The Hadoop Ecosystem

15 minute read

What I Learned: (Some of) How the Hadoop Ecosystem Fits Together

This week’s project was to get a better understanding of how many of the Hadoop-related products and services fit together, and what their basic functions are. So, I took a course on Udemy and did a bit more reading (note: images in this blog are from the Udemy course). While there were many practical examples I worked through in the class, my goal at this point is not to become an expert in any one technology, but rather to get a solid conceptual feel from which to build in the future.

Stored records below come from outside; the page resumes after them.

(* Induction on the degree; in degree 0 the sheaves [E_i] and [E_j] are isomorphic,
   so [i = j] by [distinct]. *)
Lemma path_of_sect i j E : sect v D' i j E -> exists s, vecA s = pathv i j E.
Proof.
have [K] := ubnP (absz (\sum_rho E rho)); elim: K i j E => // K IH i j E deg_lt sE.
have [E0|/forallPn [rho E_rho]] := boolP [forall rho, E rho == 0].
  have ij : i = j.
    apply/eqP/negPn/negP => /distinct[]; case: sE => _ [u Eu].
    by exists u => rho; rewrite -Eu (eqP (forallP E0 rho)) sub0r opprB.
  by exists [::]; apply: lat_eq => [k|rho]; rewrite /= big_nil ?ij ?subrr // (eqP (forallP E0 rho)).
have [irr|not_irr] := classic (irreducible v D' i j E).
  by exists [:: Arrow irr]; rewrite vecA_seq1.
have [k [E1 [E2 [sE1 sE2 E1_nz E2_nz E12]]]] : exists (k : 'I_r.+1) (E1 E2 : 'I_d -> int),
    [/\ sect v D' i k E1, sect v D' k j E2, nonzero_div E1, nonzero_div E2 &
        forall rho, E rho = E1 rho + E2 rho].
  by apply: NNPP => no_split; apply: not_irr; split=> //; split=> //; exists rho.
have deg12 : \sum_rho E rho = \sum_rho E1 rho + \sum_rho E2 rho.
  by rewrite -big_split; apply: eq_bigr => rho' _; exact: E12.
have deg1 := effective_sum_gt0 (proj1 sE1) E1_nz.
have deg2 := effective_sum_gt0 (proj1 sE2) E2_nz.
have [s1 e1] : exists s, vecA s = pathv i k E1 by apply: IH sE1; lia.
have [s2 e2] : exists s, vecA s = pathv k j E2 by apply: IH sE2; lia.
exists (s1 ++ s2); rewrite vecA_cat e1 e2.
by apply: lat_eq => [x|rho'] /=; rewrite ?E12 //; ring.
Qed.

Lemma psi_path (u : 'I_n -> int) : (forall rho, 0 <= dotM u (v rho)) ->
  exists s, vecA s = psi v r u.
Proof.
move=> u_ge0; have [|s e] := @path_of_sect ord0 ord0 (divM v u).
  by split=> //; exists u => rho; rewrite subrr subr0.
by exists s; rewrite e; apply: lat_eq => [k|rho] //=; rewrite subrr.
Qed.

Lemma psi_add (x y : 'I_n -> int) :
  psi v r (fun k => x k + y k) = addL (psi v r x) (psi v r y).
Proof.
apply: lat_eq => [k|rho] /=; first by rewrite addr0.
by rewrite /divM /dotM -big_split; apply: eq_bigr => k _ /=; rewrite mulrDl.
Qed.

(* Every [u] is a difference of two elements of [sigma^vee], namely [N u0 + u] and [N u0]. *)
Lemma ZQ_psi (u : 'I_n -> int) : ZQ v D' (psi v r u).
Proof.
have [u0 u0_gt0] := exists_interior_dual toric.
have [N [N_ge0 Nu0]] := exists_dominating_multiple (P := xpredT)
  (fun rho => dotM u (v rho)) (fun rho _ => u0_gt0 rho).
have [s1 e1] : exists s, vecA s = psi v r (fun k => N * u0 k + 1 * u k).
  by apply: psi_path => rho; rewrite dotM_lin mul1r; case: (Nu0 rho isT).
have [s2 e2] : exists s, vecA s = psi v r (fun k => N * u0 k + 0 * u k).
  by apply: psi_path => rho; rewrite dotM_lin mul0r addr0 mulr_ge0 // ltW.
exists ([seq (1, a) | a <- s1] ++ [seq (-1, a) | a <- s2]).
split=> [k|rho]; rewrite big_cat /= !big_map; under eq_bigr do rewrite mul1r;
  under [X in _ + X]eq_bigr do rewrite mulN1r; rewrite sumrN.
  have := congr1 (fun x => x.1 k) e1; have := congr1 (fun x => x.1 k) e2.
  by rewrite /= => -> ->; rewrite subrr.
have := congr1 (fun x => x.2 rho) e1; have := congr1 (fun x => x.2 rho) e2.
by rewrite /= /divM !dotM_lin => -> ->; ring.
Qed.

Lemma dualR_psi_lin (f : lat d r -> R) : dualR v D' f ->
  forall (a b : int) (x y : 'I_n -> int),
  f (psi v r (fun k => a * x k + b * y k)) = a%:~R * f (psi v r x) + b%:~R * f (psi v r y).
Proof.
move=> fD; have fpsiD x y : f (psi v r (fun k => x k + y k)) = f (psi v r x) + f (psi v r y).
  by rewrite psi_add (fD _ _ (ZQ_psi x) (ZQ_psi y)).
have fpsiZ x a : f (psi v r (fun k => a * x k)) = a%:~R * f (psi v r x).
  rewrite (@additive_int _ (fun a => f (psi v r (fun k => a * x k)))) => [|a1 a2].
    by congr (_ * f (psi v r _)); apply: functional_extensionality => k; rewrite mul1r.
  by rewrite -fpsiD; congr (f (psi v r _)); apply: functional_extensionality => k; rewrite mulrDl.
by move=> a b x y; rewrite fpsiD !fpsiZ.
Qed.
Theorem mainTheorem5 :
  forall k : nat, (0 < k)%nat ->
  exists phi : R -> R,
    monotonic_transition phi /\ phi 0 = 0 /\ 0 < Derive phi 0 /\
    (exists L : R -> R, is_L phi L) /\
    forall L : R -> R, is_L phi L ->
      exists xs : list R,
        length xs = k /\ NoDup xs /\
        List.Forall (fun x : R => (0 < x < 1) /\ simple_zero (I_fun phi L) x) xs.
Proof.
  intros k _.
  destruct (exists_parameters k) as (K & eps & m & M & HK & Heps & Hsmall & Hm & HMK & Hw).
  exists (phi_warp K k eps). split; [|split; [|split; [|split]]].
  - now apply phi_warp_monotonic.
  - apply phi_warp_0.
  - apply Derive_phi_warp_0.
  - exists (fun x => - warp K k eps x). now apply is_L_warp.
  - intros L HL.
    destruct (simple_zeros K k eps m M HK Heps Hsmall Hm HMK Hw L HL k (le_n k))
      as [xs [Hlen [Hnodup Hall]]].
    exists xs. split; [exact Hlen|split; [exact Hnodup|]].
    eapply List.Forall_impl; [|exact Hall]. now intros x [Hx _].
Qed.
(* Let $d\ge2$, $b:=2^d$, $N\in\mathbb{N}$, $L:=\min\{\ell\ge0:b^\ell\ge N\}$, and assume $L\ge3$. Let $0\le\ell\le L-3$ and $u\in\{0,\dots,b-1\}^\ell$, write $C_u=\prod_{j=1}^d[A_j,A_j+2^{-\ell})$, and let $R_u=\prod_{j=1}^d[a_j,b_j)$ be a half-open rectangle with $\lambda_d(R_u)=M(u)/N$ and \[ |a_j-A_j|\le S_\ell,\qquad |b_j-(A_j+2^{-\ell})|\le S_\ell\qquad(1\le j\le d). \] Then there exist half-open rectangles $\{R_{u\ast v}\}_{v=0}^{b-1}$ such that: (i) they partition $R_u$ up to Lebesgue-null sets; (ii) $\lambda_d(R_{u\ast v})=M(u\ast v)/N$ for every $v$; (iii) writing $C_{u\ast v}=\prod_{j=1}^d[A_{u\ast v,j},A_{u\ast v,j}+2^{-(\ell+1)})$ and $R_{u\ast v}=\prod_{j=1}^d[a_{u\ast v,j},b_{u\ast v,j})$, one has $|a_{u\ast v,j}-A_{u\ast v,j}|\le S_{\ell+1}$ and $|b_{u\ast v,j}-(A_{u\ast v,j}+2^{-(\ell+1)})|\le S_{\ell+1}$ for all $1\le j\le d$.
   Context: $\lambda_d$ is Lebesgue measure. $u\ast v$ denotes the word $u$ followed by the digit $v$. For $0\le\ell\le L-3$: $\Delta_\ell:=\frac{2^{2d-3}}{N}2^{\ell(d-1)}$, $S_0:=0$, $S_{\ell+1}:=S_\ell+\Delta_\ell$. $M(w):=\#\{1\le n\le N:x_n\in C_w\}$, where: for $a\in\{0,\dots,b-1\}$, $a=\sum_{j=1}^d\varepsilon_j(a)2^{j-1}$ with $\varepsilon_j(a)\in\{0,1\}$; for $m\ge0$, $m=\sum_{k\ge0}a_k(m)b^k$ in base $b$; $x_n:=\bigl(\sum_{k\ge0}\varepsilon_1(a_k(n-1))2^{-(k+1)},\dots,\sum_{k\ge0}\varepsilon_d(a_k(n-1))2^{-(k+1)}\bigr)$; and for a word $w=(w_0,\dots,w_{\ell-1})$, $C_w:=\prod_{j=1}^d\bigl[\sum_{k=0}^{\ell-1}\varepsilon_j(w_k)2^{-(k+1)},\sum_{k=0}^{\ell-1}\varepsilon_j(w_k)2^{-(k+1)}+2^{-\ell}\bigr)$, with $C_\varnothing=[0,1)^d$. *)

From HB Require Import structures.
From mathcomp Require Import all_boot all_order all_algebra.
From mathcomp Require Import all_classical all_reals.
Set Implicit Arguments. Unset Strict Implicit. Unset Printing Implicit Defensive.
Import Order.TTheory GRing.Theory Num.Theory.
Local Open Scope classical_set_scope.
Local Open Scope ring_scope.

Section Defs.
Variable R : realType.
Variable d : nat.

(* points of R^d are functions 'I_d -> R; coordinate j : 'I_d is the
   paper's coordinate j+1 *)

Definition box (a b : 'I_d -> R) : set ('I_d -> R) :=
  [set x | forall j, a j <= x j /\ x j < b j].

Definition vol (a b : 'I_d -> R) : R := \prod_(j < d) Num.max (b j - a j) 0.

Definition null (E : set ('I_d -> R)) : Prop :=
  forall e : R, 0 < e -> exists a b : nat -> 'I_d -> R,
    E `<=` \bigcup_(k in [set: nat]) box (a k) (b k) /\
    forall n, \sum_(k < n) vol (a k) (b k) <= e.

(* eps_j(a): the j-th binary digit of a (paper's eps_{j+1}) *)
Definition eps (j : 'I_d) (a : nat) : nat := ((a %/ 2 ^ j) %% 2)%N.

Definition digit (k m : nat) : nat := ((m %/ (2 ^ d) ^ k) %% 2 ^ d)%N.

(* the point x_n (n >= 1).  The infinite series is truncated to k < n,
   which is exact since a_k(n-1) = 0 for k >= n (as n-1 < b^n). *)
Definition xpt (n : nat) : 'I_d -> R := fun j =>
  \sum_(k < n) (eps j (digit k n.-1))%:R * (2 ^- k.+1).

Definition corner (w : seq nat) : 'I_d -> R := fun j =>
  \sum_(k < size w) (eps j (nth 0%N w k))%:R * (2 ^- k.+1).

Definition cube (w : seq nat) : set ('I_d -> R) :=
  box (corner w) (fun j => corner w j + 2 ^- (size w)).

Definition Mcount (N : nat) (w : seq nat) : nat :=
  #|[set n : 'I_N | `[< cube w (xpt n.+1) >] ]|.

Definition Delta (N l : nat) : R :=
  (2 ^+ (2 * d - 3)%N) / N%:R * 2 ^+ (l * (d - 1))%N.

Definition Ssum (N l : nat) : R := \sum_(i < l) Delta N i.

End Defs.

(* The point x_n lies in the cube C_w exactly when n - 1 = sum_k w_k b^k
   (mod b^|w|), i.e. the word w read with its first digit as the least
   significant one ([word_val]); so M(w) counts the n < N in one residue class.
   The child u*v is reached from u by fixing the d binary digits of v one at a
   time, and fixing digit j splits a residue class modulo P = b^l 2^j with K
   elements into two classes modulo 2P with ceil(K/2) and floor(K/2) elements.
   Cutting coordinate j of the current rectangle in that proportion produces
   rectangles that tile R_u and whose volumes telescope to M(u*v)/N.  Each cut
   misses the dyadic midpoint by the error inherited from R_u plus at most
   2^-l (ceil(K/2)/K - 1/2) <= 2^-(l+1)/K.  Since b^(l+1) < N, every such K
   is positive and N < b^(l+1) K, which makes this extra error at most
   Delta_l. *)

From HB Require Import structures.
From mathcomp Require Import all_boot all_order all_algebra.
From mathcomp Require Import all_classical all_reals.
From mathcomp Require Import zify ring lra.
Import Order.TTheory GRing.Theory Num.Theory.
Local Open Scope classical_set_scope.
Local Open Scope nat_scope.
Lemma apex_adjacent_a_or_c : lf R [:: v; a] || lf R [:: v; c].
Proof.
unpack_apex H; apply/norP => -[nva nvc].
by apply: (no_link_three_points R v a c); side.
Qed.

Lemma apex_not_pendant : lf R [:: v; a] -> ~~ lf R [:: v; c] -> ~~ lf R [:: v; d] -> False.
Proof. by unpack_apex H => va nvc nvd; apply: (no_link_P4 R c d a v); side. Qed.

Lemma apex_triangle_of_edge : lf R [:: v; b] -> ~~ lf R [:: v; a] -> lf R [:: v; b; c].
Proof.
unpack_apex H => vb nva; apply/negPn/negP => nvbc.
by apply: (no_link_three_points (b |: R) c a v); side.
Qed.

Lemma apex_not_J1 : ~~ lf R [:: v; a] -> lf R [:: v; b; c] -> lf R [:: v; c; d] -> False.
Proof. by unpack_apex H => nva vbc vcd; apply: (no_link_J1 R a b c v d); side. Qed.

Lemma apex_not_opposite_triangles :
  lf R [:: v; a; b] -> lf R [:: v; c; d] -> ~~ lf R [:: v; d; a] -> False.
Proof.
unpack_apex H => vab vcd nvda; case: (boolP (lf R [:: v; b; c])) => [vbc | nvbc].
  by apply: (no_link_P4 (v |: R) a b c d); side.
by apply: (no_link_J2 R c b a d v); side.
Qed.

End Apex.

Lemma square_apex_adjacent R a b c d v : square_apex R a b c d v -> lf R [:: v; a].
Proof.
move=> H; apply/negPn/negP => nva; have H2 := square_apex_rot (square_apex_rot H).
have vc : lf R [:: v; c] by move: (apex_adjacent_a_or_c H); rewrite (negbTE nva).
have vb : lf R [:: v; b].
  by apply/negPn/negP => nvb; apply: (apex_not_pendant H2 vc nva nvb).
have vd : lf R [:: v; d].
  by apply/negPn/negP => nvd; apply: (apex_not_pendant (square_apex_flip H2) vc nva nvd).
have vbc := apex_triangle_of_edge H vb nva.
have vdc := apex_triangle_of_edge (square_apex_flip H) vd nva.
by apply: (apex_not_J1 H nva vbc); face_from_context.
Qed.

Lemma apex_triangle_ab_or_bc R a b c d v :
  square_apex R a b c d v -> lf R [:: v; a; b] || lf R [:: v; b; c].
Proof.
move=> H; have va := square_apex_adjacent H.
have vb := square_apex_adjacent (square_apex_rot H).
have vc := square_apex_adjacent (square_apex_rot (square_apex_rot H)).
unpack_apex H; apply/norP => -[nvab nvbc].
by apply: (no_link_three_points (v |: R) a b c); side.
Qed.

Lemma square_apex_triangle R a b c d v : square_apex R a b c d v -> lf R [:: v; a; b].
Proof.
move=> H; apply/negPn/negP => nvab.
have H3 := square_apex_rot (square_apex_rot (square_apex_rot H)).
have vbc : lf R [:: v; b; c] by move: (apex_triangle_ab_or_bc H); rewrite (negbTE nvab).
have vda : lf R [:: v; d; a].
  by move: (apex_triangle_ab_or_bc H3); rewrite (negbTE nvab) orbF.
exact: apex_not_opposite_triangles (square_apex_rot H) vbc vda nvab.
Qed.

Lemma square_apexes_adjacent R a b c d v w :
  square_apex R a b c d v -> square_apex R a b c d w -> v != w -> lf R [:: v; w].
Proof.
move=> Hv Hw vw; apply/negPn/negP => nvw.
have triangles u : square_apex R a b c d u ->
    [/\ lf R [:: u; a; b], lf R [:: u; b; c], lf R [:: u; c; d] & lf R [:: u; d; a]].
  move=> Hu; have Hu1 := square_apex_rot Hu; have Hu2 := square_apex_rot Hu1.
  split; apply: square_apex_triangle; [exact: Hu | exact: Hu1 | exact: Hu2 |].
  exact: square_apex_rot Hu2.
have [vab vbc vcd vda] := triangles v Hv; have [wab wbc wcd wda] := triangles w Hw.
unpack_apex Hv; unpack_apex Hw.
apply: (no_link_octahedron R a c b d v w); try by side.
by move=> x + y + z; rewrite !inE => /pred2P[]-> /pred2P[]-> /pred2P[]->; face_from_context.
Qed.

Section Square.
Variables a b c d : T.
Hypothesis sq : link_square set0 a b c d.

Definition apex_candidates := nonghost C :\: [set x in [:: a; b; c; d]].
Local Notation U := apex_candidates.

Definition square_cone (G : {set T}) := all (lf G) (square_edges a b c d).

Lemma apex_candidates_notin (G : {set T}) x : G \subset U -> x \in [:: a; b; c; d] -> x \notin G.
Proof. by move=> GU xsq; apply/negP => /(subsetP GU); rewrite in_setD in_set xsq. Qed.

Lemma square_apex_of_cone (G : {set T}) v : G \subset U -> v \in U -> v \notin G ->
  square_cone G -> lf G [:: v] -> square_apex G a b c d v.
Proof.
move=> GU vU vG coneG Gv; case: sq => uabcd _ _ nondiag; split=> //.
- split=> //; first by apply/allP => x; apply: apex_candidates_notin.
  by case/andP: nondiag => nac nbd; rewrite !(contra (link_faceS (sub0set G))).
- by move: vU; rewrite !inE => /andP [].
Qed.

Spark and working with streaming data are two areas in particular that I will definitely look into more!

What is Hadoop?

The basic summary is: “Apache Hadoop is a collection of open-source software utilities that facilitate using a network of many computers to solve problems involving massive amounts of data and computation.”

Essentially, Hadoop provides a software framework to handle the storage and processing of Big Data. It solves the problem of having too much data to store in a traditional manner by using a cluster of computers in one single file system. It can be scaled horizontally by adding more machines, vs. vertically by adding more power to an existing machine (which can be challenging or reach limits), and has redundancies in case of failure. Hadoop also allows for the storage of semi- and unstructured data sources (like text, videos, etc.). Processes can be completed on these data in parallel, allowing for much faster analyses.

Hadoop consists of four main modules:

  • Hadoop Distributed File System (HDFS) for distributed storage
  • Yet Another Resource Negotiator (YARN) to manage and monitor the cluster nodes.
  • MapReduce for parallel computation.
  • Hadoop Common, libraries and services that support other Hadoop modules.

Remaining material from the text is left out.